The Company contracts with third parties to offer their digital content through the Company's iTunes Store. The Company pays substantial fees to obtain the rights to this content. The Company's licensing arrangements with these third parties are short-term and do not guarantee the continuation or renewal of these arrangements on reasonable terms, if at all. Some third-party content providers currently or may in the future offer competing products and services, and could take action to make it more difficult or impossible for the Company to license their content in the future. Other content owners, providers or distributors may seek to limit the Company's access to, or increase the total cost of, such content.
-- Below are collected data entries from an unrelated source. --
Lemma rule_distortion_ge_strong (R : realType) (alpha : R) (m : nat)
    (f : voting_rule m.+2) :
  0 < alpha -> alpha <= 1 -> ((1 + 2 * alpha)%:E <= rule_distortion alpha f)%E.
Proof.
move=> a_gt0 a_le1.
have [iA c_pos] := exists_position_neq1 (f 2 (swap_profile m)).
pose agent_coord (i : 'I_2) : R := if i == iA then 2 * alpha else 2 + 2 * alpha.
pose u (z : Defs.point 2 m.+2) : R := match z with
  | inl i => agent_coord i
  | inr a => strong_coord alpha (position (swap_profile m iA) a) end.
have sc_E (a : 'I_m.+2) : social_cost (line_dist u) a =
    `|2 * alpha - u (inr a)| + `|2 + 2 * alpha - u (inr a)|.
  apply: (social_cost_two_agents (i0 := iA)) => i.
  by rewrite /line_dist /= /agent_coord; case: ifP.
pose b := (swap_profile m iA).1 1.
apply: (rule_distortion_ge (sigma := swap_profile m) (d := line_dist u) (b := b)).
- exact: line_dist_metric.
- pose D i p := `|agent_coord i - strong_coord alpha (if i == iA then p else swap01 p)|.
  apply: (consistent_by_position (D := D)) => [i a|i j].
    by rewrite /line_dist /= (position_swap_profile_other i).
  rewrite !ffunE /D /agent_coord; case: ifP => _.
  + exact: strong_chain_focal.
  + exact: strong_chain_other.
- move=> a; rewrite sc_E.
  have := ler_norm (2 + 2 * alpha - u (inr a)).
  have := ler_norm (- (2 * alpha - u (inr a))).
  by rewrite normrN; lra.
- lra.
- rewrite !sc_E /= position_perm.
  have -> : strong_coord alpha 1 = 2 + 2 * alpha by [].
  rewrite subrr normr0 addr0.
  have -> : 2 * alpha - (2 + 2 * alpha) = - 2 by lra.
  by rewrite normrN ger0_norm //; apply: strong_cost_ge.
Qed.

Section ReverseProfile.
Variable m : nat.

Definition reverse_profile : profile 2 m.+2 :=
  [ffun i => (if i == 0 then 1%g else perm (@rev_ord_inj m.+2), [ffun=> false])].

Lemma position_reverse_profile (i : 'I_2) (a : 'I_m.+2) :
  position (reverse_profile i) a = if i == 0 then val a else (m.+1 - val a)%N.
Proof.
rewrite /position ffunE; case: ifP => _ /=; first by rewrite invg1 perm1.
suff -> : (perm (@rev_ord_inj m.+2))^-1%g a = rev_ord a by [].
by apply: (@perm_inj _ (perm (@rev_ord_inj m.+2))); rewrite permKV permE rev_ordK.
Qed.

Lemma exists_position_ge_half (a : 'I_m.+2) :
  exists i : 'I_2, ((m.+2)./2 <= position (reverse_profile i) a)%N.
Proof.
have := odd_double_half m; rewrite -addnn => m_halves.
have a_lt := ltn_ord a.
case: (leqP (m.+2)./2 (val a)) => a_half; [exists 0 | exists 1];
  rewrite position_reverse_profile //=; move: a_half => /=; lia.
Qed.

End ReverseProfile.

Lemma capped_geometric_chain (R : realType) (alpha t : R) (k p : nat) :
  0 <= alpha -> 1 < t -> alpha * t < 1 ->
  (t ^+ minn p k <= t ^+ minn p.+1 k) && (alpha * t ^+ minn p.+1 k < t ^+ minn p k).
Proof.
move=> a_ge0 t_gt1 at_lt1.
have tp_gt0 q : 0 < t ^+ q by apply: exprn_gt0; lra.
have [p_lt_k|k_le_p] := ltnP p k.
  have /minn_idPl-> := p_lt_k.
  by rewrite exprS ler_peMl ?ltW // mulrA gtr_pMl.
have /minn_idPr-> := leqW k_le_p.
by rewrite lexx /= gtr_pMl //; nra.
Qed.

Lemma rule_distortion_ge_weak_ratio (R : realType) (alpha t : R) (m : nat)
    (f : voting_rule m.+2) :
  0 <= alpha -> 1 < t -> alpha * t < 1 ->
  (((3 * t ^+ (m.+2)./2 - 1) / (t ^+ (m.+2)./2 + 1))%:E <= rule_distortion alpha f)%E.
Proof.
(* The agent iB ranking the winner at position k or later sits at the origin and
   the other agent at (T + 1, T - 1); the alternative iB ranks p sits at
   (2 t^(min p k), 0), at distance exactly T - 1 from the other agent. *)
move=> a_ge0 t_gt1 at_lt1.
set k := (m.+2)./2; set T := t ^+ k.
have T_gt1 : 1 < T by rewrite exprn_egt1 //.
have [iB c_far] := exists_position_ge_half (f 2 (reverse_profile m)).
pose g (p : nat) : R := 2 * t ^+ minn p k.
have g_bounds p : 2 <= g p <= 2 * T.
  have tp_ge1 : 1 <= t ^+ minn p k by apply/exprn_ege1/ltW.
  have tp_leT : t ^+ minn p k <= T by apply/ler_weXn2l; [exact: ltW | exact: geq_minr].
  by rewrite /g; apply/andP; split; lra.
pose u (z : Defs.point 2 m.+2) : R := match z with
  | inl i => if i == iB then 0 else T + 1
  | inr a => g (position (reverse_profile m iB) a) end.
pose v (z : Defs.point 2 m.+2) : R :=
  if z is inl i then (if i == iB then 0 else T - 1) else 0.
pose d p q := Num.max (line_dist u p q) (line_dist v p q).
have dE i a : d (inl i) (inr a) =
    if i == iB then g (position (reverse_profile m iB) a) else T - 1.
  have /andP[g_ge2 g_le] := g_bounds (position (reverse_profile m iB) a).
  rewrite /d /line_dist /=; case: ifP => _.
    by rewrite !sub0r !normrN normr0 ger0_norm ?max_l //; lra.
  rewrite subr0 (ger0_norm (x := T - 1)); last lra.
  by rewrite max_r // ler_norml; apply/andP; split; lra.
have sc_E a : social_cost d a = g (position (reverse_profile m iB) a) + (T - 1).
  exact: social_cost_two_agents.
pose b := (reverse_profile m iB).1 ord0.
apply: (rule_distortion_ge (sigma := reverse_profile m) (d := d) (b := b)).
- exact: max_metric (line_dist_metric u) (line_dist_metric v).
- apply: (consistent_by_position (D := fun i p => if i == iB then g p else T - 1)).
    by move=> i a; rewrite dE; case: eqP => // ->.
  move=> i j; rewrite !ffunE; case: ifP => _.
    rewrite /g mulrCA ler_pM2l // ltr_pM2l //.
    exact: capped_geometric_chain.
  by rewrite lexx /=; nra.
- move=> a; rewrite sc_E.
  by have /andP[g_ge2 _] := g_bounds (position (reverse_profile m iB) a); lra.
- by apply: divr_ge0; lra.
- rewrite !sc_E position_perm /g /=.
  have /minn_idPr-> := c_far.
  rewrite expr0 mulr1 -/k -/T (_ : 2 + (T - 1) = T + 1); last lra.
  by rewrite mulrC divfK; [lra | rewrite gt_eqF //; lra].
Qed.
(* First move x1 to x2 (compensating in Y, which reaches some y1' with
   dY y1 y1' <= dX x1 x2), then move y1' to y2 (compensating in X). *)
Lemma hprod_path x1 y1 x2 y2 : bX x1 + bY y1 = 0 -> bX x2 + bY y2 = 0 ->
  exists (L : R) (pX : R -> X) (pY : R -> Y),
    0 <= L <= 2 * dX x1 x2 + dY y1 y2 /\
    pX 0 = x1 /\ pY 0 = y1 /\ pX L = x2 /\ pY L = y2 /\
    lipschitz_on dX 1 pX 0 L /\ lipschitz_on dY 1 pY 0 L /\
    forall r, 0 <= r <= L -> bX (pX r) + bY (pY r) = 0.
Proof.
  intros E1 E2. set (a := dX x1 x2).
  assert (Ha : 0 <= a) by apply (dist_nonneg dX HdX).
  destruct (compensated_geodesic dX dY bX bY HdX HgX HbX HvY x1 x2 y1 E1)
    as [p1X [p1Y [P1X0 [P1Y0 [P1Xa [_ [L1X [L1Y H1]]]]]]]].
  fold a in P1Xa, L1X, L1Y, H1.
  set (y1' := p1Y a).
  assert (E1' : bY y1' + bX x2 = 0) by (pose proof (H1 a ltac:(lra)); rewrite P1Xa in H; unfold y1'; lra).
  destruct (compensated_geodesic dY dX bY bX HdY HgY HbY HvX y1' y2 x2 E1')
    as [q2Y [q2X [Q2Y0 [Q2X0 [Q2Yb [Q2Xb [L2Y [L2X H2]]]]]]]].
  set (b' := dY y1' y2) in *.
  assert (Hb' : 0 <= b') by apply (dist_nonneg dY HdY).
  assert (Hb'le : b' <= a + dY y1 y2).
  { pose proof (dist_triangle dY HdY y1' y1 y2).
    pose proof (L1Y a 0 ltac:(lra) ltac:(lra)).
    rewrite P1Y0, Rminus_0_r, Rabs_pos_eq, Rmult_1_l in H0 by lra. fold y1' in H0. unfold b'. lra. }
  assert (JX : p1X a = q2X 0) by (rewrite P1Xa, Q2X0; reflexivity).
  assert (JY : p1Y a = q2Y 0) by (rewrite Q2Y0; reflexivity).
  exists (a + b'), (path_concat p1X q2X a), (path_concat p1Y q2Y a).
  split; [lra|split; [|split; [|split; [|split; [|split; [|split]]]]]].
  - rewrite path_concat_l by lra. exact P1X0.
  - rewrite path_concat_l by lra. exact P1Y0.
  - rewrite path_concat_r by (auto; lra). replace (a + b' - a) with b' by ring.
    apply Q2Xb. lra.
  - rewrite path_concat_r by (auto; lra). replace (a + b' - a) with b' by ring. exact Q2Yb.
  - apply lipschitz_on_concat; auto; lra.
  - apply lipschitz_on_concat; auto; lra.
  - intros r Hr. destruct (Rle_or_lt r a).
    + rewrite !path_concat_l by lra. apply H1; lra.
    + rewrite !path_concat_r by (auto; lra). rewrite Rplus_comm. apply H2; lra.
Qed.

End HprodPath.

Lemma admissible_norm_diag (N : R -> R -> R) :
  admissible_norm N -> forall c, 0 <= c -> N c c = c.
Proof.
  intros [[_ [_ [Hhom _]]] [H11 _]] c Hc.
  pose proof (Hhom c 1 1) as H. rewrite !Rmult_1_r, H11, Rmult_1_r in H.
  rewrite H. apply Rabs_pos_eq; exact Hc.
Qed.

Lemma psum_telescope (f : nat -> R) n : psum (fun i => f (S i) - f i) n = f n - f O.
Proof. induction n as [|n IH]; simpl; [ring|rewrite IH; ring]. Qed.

Lemma psum_le (f g : nat -> R) n :
  (forall i, (i < n)%nat -> f i <= g i) -> psum f n <= psum g n.
Proof.
  induction n as [|n IH]; intros H; simpl; [lra|].
  apply Rplus_le_compat; [apply IH; intros; apply H; lia|apply H; lia].
Qed.

Lemma partition_in_unit (t : nat -> R) n :
  t O = 0 -> t n = 1 -> (forall i, (i < n)%nat -> t i < t (S i)) ->
  forall i, (i <= n)%nat -> 0 <= t i <= 1.
Proof.
  intros H0 Hn Hinc.
  assert (Hmono : forall i j, (i <= j <= n)%nat -> t i <= t j).
  { intros i j Hij. induction j as [|j IH].
    - replace i with O by lia. lra.
    - destruct (Nat.eq_dec i (S j)) as [->|Hne]; [lra|].
      pose proof (Hinc j ltac:(lia)). specialize (IH ltac:(lia)). lra. }
  intros i Hi. rewrite <- H0, <- Hn. split; apply Hmono; lia.
Qed.

Section PathLength.
Context {X Y : Type} (dX : X -> X -> R) (dY : Y -> Y -> R) (N : R -> R -> R).
Hypothesis HdX : is_metric dX.
Hypothesis HdY : is_metric dY.
Hypothesis Hmono : monotone_norm N.
Hypothesis Hdiag : forall c, 0 <= c -> N c c = c.

Lemma path_length_lipschitz k pX pY :
  lipschitz_on dX k pX 0 1 -> lipschitz_on dY k pY 0 1 ->
  exists r, path_length dX dY N pX pY = Finite r /\ r <= k.
Proof.
  intros LX LY.
  set (E := fun s => exists (n : nat) (t : nat -> R),
     t O = 0 /\ t n = 1 /\ (forall i, (i < n)%nat -> t i < t (S i)) /\
     s = psum (fun i => N (dX (pX (t i)) (pX (t (S i)))) (dY (pY (t i)) (pY (t (S i))))) n).
  assert (Hub : is_ub_Rbar E k).
  { intros s [n [t [T0 [Tn [Tinc ->]]]]]. simpl.
    (* each term is at most N (k Δt) (k Δt) = k Δt, which telescopes to k *)
    replace k with (psum (fun i => k * t (S i) - k * t i) n)
      by (rewrite (psum_telescope (fun i => k * t i)), T0, Tn; ring).
    apply psum_le. intros i Hi.
    pose proof (partition_in_unit t n T0 Tn Tinc i ltac:(lia)).
    pose proof (partition_in_unit t n T0 Tn Tinc (S i) ltac:(lia)).
    pose proof (Tinc i Hi).
    pose proof (LX (t i) (t (S i)) ltac:(lra) ltac:(lra)).
    pose proof (LY (t i) (t (S i)) ltac:(lra) ltac:(lra)).
    rewrite Rabs_left1, Ropp_minus_distr in H2, H3 by lra.
    pose proof (dist_nonneg dX HdX (pX (t i)) (pX (t (S i)))).
    pose proof (dist_nonneg dY HdY (pY (t i)) (pY (t (S i)))).
    rewrite <- (Hdiag (k * t (S i) - k * t i)) by lra.
    apply Hmono; lra. }
  assert (Hone : E (N (dX (pX 0) (pX 1)) (dY (pY 0) (pY 1)) + 0)).
  { exists 1%nat, (fun i => match i with O => 0 | _ => 1 end).
    split; [reflexivity|split; [reflexivity|split]].
    - intros i Hi. replace i with O by lia. simpl. lra.
    - simpl. ring. }
  destruct (Lub_Rbar_correct E) as [Hl Hlub].
  specialize (Hlub k Hub). specialize (Hl _ Hone).
  unfold path_length. fold E.
  destruct (Lub_Rbar E) as [r| |]; simpl in *; try contradiction.
  exists r. split; [reflexivity|exact Hlub].
Qed.

Lemma d_hprod_le_lipschitz_path (gX : R -> X) (gY : R -> Y) x1 y1 x2 y2 L
    (pX : R -> X) (pY : R -> Y) :
  0 <= L -> lipschitz_on dX 1 pX 0 L -> lipschitz_on dY 1 pY 0 L ->
  (forall r, 0 <= r <= L -> busemann_fun dX gX (pX r) + busemann_fun dY gY (pY r) = 0) ->
  pX 0 = x1 -> pY 0 = y1 -> pX L = x2 -> pY L = y2 ->
  Rbar_le (d_hprod dX dY gX gY N x1 y1 x2 y2) (Finite L).
Proof.
  intros HL LX LY Hh P0 Q0 PL QL.
  set (qX := fun u => pX (L * u)). set (qY := fun u => pY (L * u)).
  assert (LqX : lipschitz_on dX L qX 0 1).
  { rewrite <- (Rmult_1_l L) at 1. apply lipschitz_on_scale; auto. }
  assert (LqY : lipschitz_on dY L qY 0 1).
  { rewrite <- (Rmult_1_l L) at 1. apply lipschitz_on_scale; auto. }
  destruct (path_length_lipschitz L qX qY LqX LqY) as [r [Hr HrL]].
  eapply Rbar_le_trans; [apply (proj1 (Glb_Rbar_correct _))|simpl; exact HrL].
  exists qX, qY.
  split; [apply (continuous_on01_lipschitz dX L); auto|].
  split; [apply (continuous_on01_lipschitz dY L); auto|].
  unfold qX, qY. rewrite !Rmult_0_r, !Rmult_1_r.
  repeat split; auto.
  intros s Hs. unfold in_hprod, height. pose proof (Hh (L * s) ltac:(nra)). lra.
Qed.

End PathLength.

Theorem mainTheorem6 (X Y : Type) (dX : X -> X -> R) (dY : Y -> Y -> R)
  (gX : R -> X) (gY : R -> Y) (N : R -> R -> R) :
  is_metric dX -> proper_space dX -> busemann_space dX ->
  geodesically_complete dX -> gromov_hyperbolic dX ->
  geodesic_ray dX gX -> vertically_convergent dX gX ->
  is_metric dY -> proper_space dY -> busemann_space dY ->
  geodesically_complete dY -> gromov_hyperbolic dY ->
  geodesic_ray dY gY -> vertically_convergent dY gY ->
  admissible_norm N -> monotone_norm N ->
  forall (x1 x2 : X) (y1 y2 : Y),
    in_hprod dX dY gX gY x1 y1 -> in_hprod dX dY gX gY x2 y2 ->
    Rbar_le (d_hprod dX dY gX gY N x1 y1 x2 y2)
      (Finite (dX x1 x2 + dY y1 y2 + Rmin (dX x1 x2) (dY y1 y2))).
Proof.
  intros HdX HpX HbX HcX _ HrX _ HdY HpY HbY HcY _ HrY _ Hadm Hmono x1 x2 y1 y2 E1 E2.
  pose proof (admissible_norm_diag N Hadm) as Hdiag.
  set (bX := busemann_fun dX gX). set (bY := busemann_fun dY gY).
  pose proof (busemann_lipschitz dX gX HdX HrX) as LX.
  pose proof (busemann_lipschitz dY gY HdY HrY) as LY.
  pose proof (busemann_has_vertical_lines dX gX HdX HrX HbX HcX HpX) as VX.
  pose proof (busemann_has_vertical_lines dY gY HdY HrY HbY HcY HpY) as VY.
  unfold in_hprod, height in E1, E2.
  destruct (Rle_or_lt (dX x1 x2) (dY y1 y2)).
  - rewrite Rmin_left by lra.
    destruct (hprod_path dX dY bX bY HdX HdY (proj1 HbX) (proj1 HbY) LX LY VX VY x1 y1 x2 y2)
      as [L [pX [pY [HL [P0 [Q0 [PL [QL [LpX [LpY Hh]]]]]]]]]]; try (unfold bX, bY; lra).
    eapply Rbar_le_trans;
      [apply (d_hprod_le_lipschitz_path dX dY N HdX HdY Hmono Hdiag gX gY x1 y1 x2 y2 L pX pY)|];
      simpl; auto; lra.
  - rewrite Rmin_right by lra.
    destruct (hprod_path dY dX bY bX HdY HdX (proj1 HbY) (proj1 HbX) LY LX VY VX y1 x1 y2 x2)
      as [L [pY [pX [HL [Q0 [P0 [QL [PL [LpY [LpX Hh]]]]]]]]]]; try (unfold bX, bY; lra).
    eapply Rbar_le_trans;
      [apply (d_hprod_le_lipschitz_path dX dY N HdX HdY Hmono Hdiag gX gY x1 y1 x2 y2 L pX pY)|];
      simpl; auto; try lra.
    intros r Hr. specialize (Hh r Hr). unfold bX, bY in Hh. lra.
Qed.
If the Company is unable to continue to offer a wide variety of content at reasonable prices with acceptable usage rules, or continue to expand its geographic reach, the Company's financial condition and operating results may be materially adversely affected.
Many third-party content providers require that the Company provide certain digital rights management ("DRM") and other security solutions. If these requirements change, the Company may have to develop or license new technology to provide these solutions. There is no assurance the Company will be able to develop or license such solutions at a reasonable cost and in a timely manner. In addition, certain countries have passed or may propose legislation that would force the Company to license its DRM, which could lessen the protection of content and subject it to piracy and could also affect arrangements with the Company's content providers.
Notice something missing here? Apple operates the largest music and video download service in the world. Their ability to provide that service is dependent on the willingness of network operators to not interfere with Apple's customers who rent their movies on their AppleTV instead of say, using their Digital Cable or Satellite Set Top Box.
In other words, while they admit they're dependent on third-party content, they refuse to acknowledge their reliance on "third-party bandwidth."
Meanwhile, tomorrow the FCC will meet to hear about net neutrality issues, again. Apple, and in particular Steve Jobs, has shown an ability to move entire industries to make more consumer-friendly choices. You can get most TV shows and movies on iTunes now. Who would have imagined that even 4 years ago?
Yet, Apple's continued ability to innovate is completely tied to the goodwill of say, Verizon, who may want to save more bandwidth for their own VoD "rental" service, or another network operator using some kind of "reasonable management" when iTunes downloads reach a critical mass, especially once more people start renting or buying HD content.
Which brings me to the most shocking number of all:
$20,000.
That's how little Apple has spent on lobbyists in Washington during the 2nd half of 2007. What's more shocking, is despite launching iPhone, and making preparations to launch the improved AppleTV last month, here's what they spent their $20k on:
H.R. 1908/S.1145, The Patent Reform Act of 2007; Section 115 of the U.S. Copyright Act: Compulsory Licensing of EU Copyright Directive.
That's from their year-end 2007 Lobbying Disclosure Act report. They didn't so much as make a single contact with the FCC during the last half of 2007.
Last January, Apple Computer became just "Apple," because they were starting to sell more than computers. You would think they would be interested in protecting their new revenue streams, and the networks that allow them to be such innovators in content distribution to all consumers.
Time to ante up, Steve.
What about all of the rest of the social web/Web 2.0 movement? Facebook now has a single rep in Washington. MySpace has its NewsCorp lobbyists. What about everyone else?
Washington and tech should have hugely mutually beneficial relationship--the internet is what will power the U.S. economy for the coming decades--but so far they're like oil and water. That's bad news for the country and bad news for the economy. And it's terrible news for geeks.